→ **EXERCISE**: Determine which lines of the records include the word "multinom", and copy them.

*** Begin section ***

Definition is_comodule (d : nat) (C : 'M[{mpoly k[m]}]_d) : Prop :=
  [/\ (* entries are elements of R (reduced representatives) *)
      forall a b, trunc (p ^ n) (C a b) = C a b,
      (* counit axiom: (id (x) eps) o c_M = id *)
      forall a b, counit (C a b) = (a == b)%:R &
      (* coassociativity: (id (x) Delta) o c_M = (c_M (x) id) o c_M *)
      forall a b, trunc (p ^ n) (Delta (C a b))
                  = trunc (p ^ n) (\sum_c inl_mp (C c b) * inr_mp (C a c))].

(* projection R -> R/I_i with I_i = (x_0, ..., x_{m-i-1}) (Hopf algebra of G_i),
   on representatives: kill the variables x_0 .. x_{m-i-1}. *)
Definition proj_G (i : nat) (q : {mpoly k[m]}) : {mpoly k[m]} :=
  q \mPo [tuple (if (t < m - i)%N then 0 else 'X_t) | t < m].

(* w \in M^{G_i} :  (id (x) pr) c_M(w) = w (x) 1  in M (x) R/I_i *)
Definition fixed_by (d : nat) (C : 'M[{mpoly k[m]}]_d) (i : nat) (w : 'rV[k]_d) : Prop :=
  forall b, trunc (p ^ n) (proj_G i (coaction C w 0 b)) = (w 0 b)%:MP.

(* R_i-membership: polynomial in x_0, ..., x_{r} only (here r = m - i). *)
Definition in_sub_vars (r : nat) (q : {mpoly k[m]}) : Prop :=
  q \mPo [tuple (if (t <= r)%N then 'X_t else 0) | t < m] = q.

Definition mono_pow (nu j : nat) : 'X_{1..m} :=
  [multinom (if val t == nu then j else 0) | t < m].

Definition coef_row (d : nat) (C : 'M[{mpoly k[m]}]_d) (v : 'rV[k]_d) (mu : 'X_{1..m})
  : 'rV[k]_d := \row_b (coaction C v 0 b)@_mu.

End Hopf.

(* Specialize the coassociativity identity (id (x) Delta) c_M = (c_M (x) id) c_M
   along substitutions of the variables x, y of R (x) R that keep only some of
   them.  Such substitutions make the Witt addition polynomials explicit: if x
   lives in coordinates <= r and y in coordinates > r, the Witt sum is the
   concatenation of x and y; if x lives in coordinates >= r and y only in
   coordinate r, the Witt sum vanishes below r and its r-th coordinate is
   x_r + y_r.  Take r = m - i.  The first substitution, together with the
   G_{i-1}-invariance of v (the right factors collapse to the scalars v_c),
   shows that c_M(v) only involves x_0, ..., x_r.  The second one gives
   sum_j w_j (x) (x_r + y_r)^j = sum_j (id (x) pr_i) c_M(w_j) y_r^j, where w_j is
   the coefficient of x_r^j in c_M(v); comparing the coefficients of
   x^nu y_r^J for the largest J with w_J <> 0 yields
   (id (x) pr_i) c_M(w_J) = w_J (x) 1, as only the term j = J reaches y_r^J. *)

From HB Require Import structures.
From mathcomp Require Import all_boot all_order all_algebra.
From mathcomp Require Import mpoly.
Import Order.TTheory GRing.Theory Num.Theory.
Local Open Scope ring_scope.

Set Implicit Arguments. Unset Strict Implicit. Unset Printing Implicit Defensive.

Section MpolyCoefficients.
Variables (R : nzRingType) (n : nat).
Implicit Types (q : {mpoly R[n]}) (mu : 'X_{1..n}).

Lemma mcoeff_msupp_sum (F : 'X_{1..n} -> R -> R) q mu :
  (forall nu, F nu 0 = 0) ->
  (\sum_(nu <- msupp q) F nu q@_nu *: 'X_[nu])@_mu = F mu q@_mu.
Proof.
move=> F0; rewrite raddf_sum /=.
under eq_bigr => nu _ do rewrite mcoeffZ mcoeffX.
rewrite (eq_bigr (fun nu => if nu == mu then F mu q@_mu else 0)); last first.
  by move=> nu _; case: eqP => [->|_]; rewrite ?mulr1 ?mulr0.
rewrite -big_mkcond big_const_seq /= count_uniq_mem ?msupp_uniq //.
case: (boolP (mu \in msupp q)) => [_|/memN_msupp_eq0 ->]; last by rewrite F0.
by rewrite /= addr0.
Qed.

Lemma mcoeffE_msupp q mu : q@_mu = \sum_(nu <- msupp q) q@_nu * (nu == mu)%:R.
Proof.
by rewrite {1}[q]mpolyE raddf_sum /=; apply: eq_bigr => nu _; rewrite mcoeffZ mcoeffX.
Qed.

Definition mnm_below N mu := [forall t : 'I_n, (mu t < N)%N].

Lemma mcoeff_trunc N q mu :
  (trunc N q)@_mu = if mnm_below N mu then q@_mu else 0.
Proof.
rewrite /trunc big_mkcond /= -(mcoeff_msupp_sum _ _ (F := fun nu c =>
  if mnm_below N nu then c else 0)); last by move=> nu; case: ifP.
by congr mcoeff; apply: eq_bigr => nu _; rewrite /mnm_below; case: ifP; rewrite ?scale0r.
Qed.

Lemma trunc_is_linear N : linear (@trunc R n N).
Proof.
move=> c q1 q2; apply/mpolyP => mu.
by rewrite mcoeffD mcoeffZ !mcoeff_trunc mcoeffD mcoeffZ; case: ifP; rewrite ?mulr0 ?addr0.
Qed.

HB.instance Definition _ N := GRing.isLinear.Build R {mpoly R[n]} {mpoly R[n]} _
  (@trunc R n N) (trunc_is_linear N).

Lemma truncZ N c q : trunc N (c *: q) = c *: trunc N q.
Proof.
by apply/mpolyP => mu; rewrite mcoeffZ !mcoeff_trunc mcoeffZ; case: ifP; rewrite ?mulr0.
Qed.

End MpolyCoefficients.

Lemma mcoeff_divz_mpoly n (d : int) (q : {mpoly int[n]}) mu :
  (divz_mpoly d q)@_mu = (q@_mu %/ d)%Z.
Proof. by rewrite (mcoeff_msupp_sum (F := fun _ c => (c %/ d)%Z)) // => _; rewrite div0z. Qed.

Lemma divz_mpoly_natrM n (d : nat) (q : {mpoly int[n]}) : (0 < d)%N ->
  divz_mpoly d%:Z (d%:R * q) = q.
Proof.
move=> d_gt0; apply/mpolyP => mu; rewrite mcoeff_divz_mpoly mulr_natl mcoeffMn.
by rewrite -mulr_natr natz mulzK // -lt0n.
Qed.

Section Rename.
Variables (R : comNzRingType) (n l : nat) (P : pred 'I_n) (g : 'I_n -> 'I_l).

Definition rename_tuple : n.-tuple {mpoly R[l]} :=
  [tuple (if P t then 'X_(g t) else 0) | t < n].

Definition mnm_push (nu : 'X_{1..n}) : 'X_{1..l} := (\sum_(t < n) U_(g t) *+ nu t)%MM.
Definition mnm_pull (mu : 'X_{1..l}) : 'X_{1..n} :=
  [multinom (if P t then mu (g t) else 0%N) | t < n].

Definition mnm_on (nu : 'X_{1..n}) := [forall t, (nu t != 0%N) ==> P t].
Definition mnm_in_image (mu : 'X_{1..l}) :=
  [forall u, (mu u != 0%N) ==> [exists t, P t && (g t == u)]].

Lemma mnm_pushE nu u : mnm_push nu u = (\sum_(t < n) (g t == u) * nu t)%N.
Proof. by rewrite mnm_sumE; apply: eq_bigr => t _; rewrite mulmnE mnm1E mulnC. Qed.

Lemma comp_mpolyX_rename nu :
  'X_[nu] \mPo rename_tuple = if mnm_on nu then 'X_[mnm_push nu] else 0.
Proof.
rewrite comp_mpolyX; case: ifP => [nuP | /negbT].
  rewrite -mprodXnE; apply: eq_bigr => t _; rewrite tnth_map tnth_ord_tuple.
  case: ifP => // tNP; move/forallP: nuP => /(_ t).
  by rewrite tNP implybF negbK => /eqP ->; rewrite !expr0.
rewrite negb_forall => /existsP [t]; rewrite negb_imply => /andP [nut tNP].
by rewrite (bigD1 t) //= tnth_map tnth_ord_tuple (negbTE tNP) expr0n (negbTE nut) mul0r.
Qed.

Lemma mnm_on_pull mu : mnm_on (mnm_pull mu).
Proof. by apply/forallP => t; apply/implyP; rewrite mnmE; case: (P t); rewrite ?eqxx. Qed.

Hypothesis g_inj : {in P &, injective g}.

Lemma mnm_pullK nu : mnm_on nu -> mnm_pull (mnm_push nu) = nu.
Proof.
move=> nuP; apply/mnmP => t; rewrite mnmE.
case: ifP => [tP | tNP]; last first.
  by move/forallP: nuP => /(_ t); rewrite tNP implybF negbK => /eqP ->.
rewrite mnm_pushE (bigD1 t) //= eqxx mul1n big1 ?addn0 // => s st.
case: eqP => [gst|]; last by rewrite mul0n.
case: (eqVneq (nu s) 0%N) => [->|nus]; first by rewrite muln0.
have sP : P s by move/forallP: nuP => /(_ s); rewrite nus.
by move: st; rewrite (g_inj sP tP gst) eqxx.
Qed.

Lemma mnm_in_image_push nu : mnm_on nu -> mnm_in_image (mnm_push nu).
Proof.
move=> nuP; apply/forallP => u; apply/implyP.
rewrite mnm_pushE sum_nat_eq0 negb_forall => /existsP [t].
rewrite /= muln_eq0 negb_or eqb0 negbK => /andP [gtu nut].
by apply/existsP; exists t; rewrite gtu andbT; move/forallP: nuP => /(_ t); rewrite nut.
Qed.

Lemma mnm_pushK mu : mnm_in_image mu -> mnm_push (mnm_pull mu) = mu.
Proof.
move=> muI; apply/mnmP => u; rewrite mnm_pushE.
case: (eqVneq (mu u) 0%N) => [muu | muu].
  rewrite muu big1 // => t _; rewrite mnmE; case: eqP => [gtu|]; last by rewrite mul0n.
  by case: ifP; rewrite ?gtu ?muu muln0.
move/forallP: muI => /(_ u); rewrite muu /= => /existsP [t0 /andP [t0P /eqP gt0]].
rewrite (bigD1 t0) //= gt0 eqxx mul1n mnmE t0P gt0 big1 ?addn0 // => t tt0.
case: eqP => [gtu|]; last by rewrite mul0n.
rewrite mnmE; case: ifP => [tP|]; last by rewrite muln0.
by move: tt0; rewrite (g_inj tP t0P (etrans gtu (esym gt0))) eqxx.
Qed.

Lemma mnm_push_eqE nu mu : mnm_on nu ->
  (mnm_push nu == mu) = mnm_in_image mu && (nu == mnm_pull mu).
Proof.
move=> nuP; apply/eqP/andP => [<-|[muI /eqP ->]]; last exact: mnm_pushK.
by rewrite mnm_pullK // mnm_in_image_push.
Qed.

Lemma mcoeff_rename (q : {mpoly R[n]}) mu :
  (q \mPo rename_tuple)@_mu = if mnm_in_image mu then q@_(mnm_pull mu) else 0.
Proof.
rewrite comp_mpolyEX raddf_sum /=.
under eq_bigr => nu _ do rewrite mcoeffZ comp_mpolyX_rename.
case: ifP => muI.
  rewrite (mcoeffE_msupp q (mnm_pull mu)); apply: eq_bigr => nu _.
  case: ifP => nuP; first by rewrite mcoeffX mnm_push_eqE // muI.
  rewrite mcoeff0; case: eqP => [nu_pull|]; last by rewrite mulr0.
  by move: nuP; rewrite nu_pull mnm_on_pull.
rewrite big1 // => nu _; case: ifP => nuP; last by rewrite mcoeff0 mulr0.
by rewrite mcoeffX mnm_push_eqE // muI mulr0.
Qed.

Lemma trunc_rename N (q : {mpoly R[n]}) : (0 < N)%N ->
  trunc N (q \mPo rename_tuple) = trunc N q \mPo rename_tuple.
Proof.
move=> N_gt0; apply/mpolyP => mu; rewrite mcoeff_trunc !mcoeff_rename mcoeff_trunc.
case: (boolP (mnm_in_image mu)) => muI; last by case: ifP.
suff -> : mnm_below N mu = mnm_below N (mnm_pull mu) by [].
apply/forallP/forallP => muN t; first by rewrite mnmE; case: ifP.
case: (eqVneq (mu t) 0%N) => [->//|mut].
move/forallP: muI => /(_ t); rewrite mut /= => /existsP [s /andP [sP /eqP gst]].
by have := muN s; rewrite mnmE sP gst.
Qed.

End Rename.

Lemma comp_mpolyA (R : comNzRingType) n l h (q : {mpoly R[n]})
    (lq : n.-tuple {mpoly R[l]}) (lr : l.-tuple {mpoly R[h]}) :
  (q \mPo lq) \mPo lr = q \mPo [tuple tnth lq t \mPo lr | t < n].
Proof.
rewrite [q \mPo lq]comp_mpolyE [RHS]comp_mpolyE raddf_sum /=.
apply: eq_bigr => nu _; rewrite comp_mpolyZ rmorph_prod /=; congr (_ *: _).
by apply: eq_bigr => t _; rewrite rmorphXn /= tnth_map tnth_ord_tuple.
Qed.

Section KeepVars.
Variables (R : comNzRingType) (n : nat) (P : pred 'I_n).

Definition keep_vars : n.-tuple {mpoly R[n]} := rename_tuple R P id.

Lemma comp_mpolyXU_keep u : ('X_u : {mpoly R[n]}) \mPo keep_vars = if P u then 'X_u else 0.
Proof. by rewrite comp_mpolyXU -tnth_nth tnth_map tnth_ord_tuple. Qed.

Lemma mcoeff_keep_vars (q : {mpoly R[n]}) mu :
  (q \mPo keep_vars)@_mu = if mnm_on P mu then q@_mu else 0.
Proof.
rewrite mcoeff_rename; last exact: in2W (@inj_id _).
have -> : mnm_in_image P id mu = mnm_on P mu.
  apply/forallP/forallP => muP t; move: (muP t); case: (mu t != 0%N) => //=.
    by case/existsP => s /andP [sP /eqP <-].
  by move=> tP; apply/existsP; exists t; rewrite tP eqxx.
case: ifP => // muP; congr (q@_ _); apply/mnmP => t; rewrite mnmE.
by case: ifP => // tNP; move/forallP: muP => /(_ t); rewrite tNP implybF negbK => /eqP ->.
Qed.

End KeepVars.

Lemma int_toE (R : comNzRingType) n (q : {mpoly int[n]}) : int_to R q = map_mpoly intr q.
Proof. by []. Qed.

Lemma int_toX (R : comNzRingType) n (u : 'I_n) : int_to R 'X_u = 'X_u.
Proof. by rewrite int_toE map_mpolyX. Qed.

Lemma int_to_keep_vars (R : comNzRingType) n (P : pred 'I_n) (q : {mpoly int[n]}) :
  int_to R q \mPo keep_vars R P = int_to R (q \mPo keep_vars int P).
Proof.
apply/mpolyP => mu; rewrite mcoeff_keep_vars !int_toE.
by rewrite !mcoeff_map_mpoly mcoeff_keep_vars; case: ifP.
Qed.

Lemma divz_mpoly_keep_vars n (P : pred 'I_n) d (q : {mpoly int[n]}) :
  divz_mpoly d q \mPo keep_vars int P = divz_mpoly d (q \mPo keep_vars int P).
Proof.
apply/mpolyP => mu; rewrite mcoeff_keep_vars !mcoeff_divz_mpoly mcoeff_keep_vars.
by case: ifP => //; rewrite div0z.
Qed.

Lemma expr0_pexpn (R : nzRingType) p k : (0 < p)%N -> (0 : R) ^+ (p ^ k) = 0.
Proof. by move=> p_gt0; rewrite expr0n expn_eq0 eqn0Ngt p_gt0. Qed.

Section WittAddition.
Variables (p m : nat).

Definition witt_coord (j : nat) := (witt_add_seq p m j.+1)`_j.

Lemma size_witt_add_seq j : size (witt_add_seq p m j) = j.
Proof. by elim: j => //= j IHj; rewrite size_rcons IHj. Qed.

*** End section ***

→ **RESULT**:
  [multinom (if val t == nu then j else 0) | t < m].
  [multinom (if P t then mu (g t) else 0%N) | t < n].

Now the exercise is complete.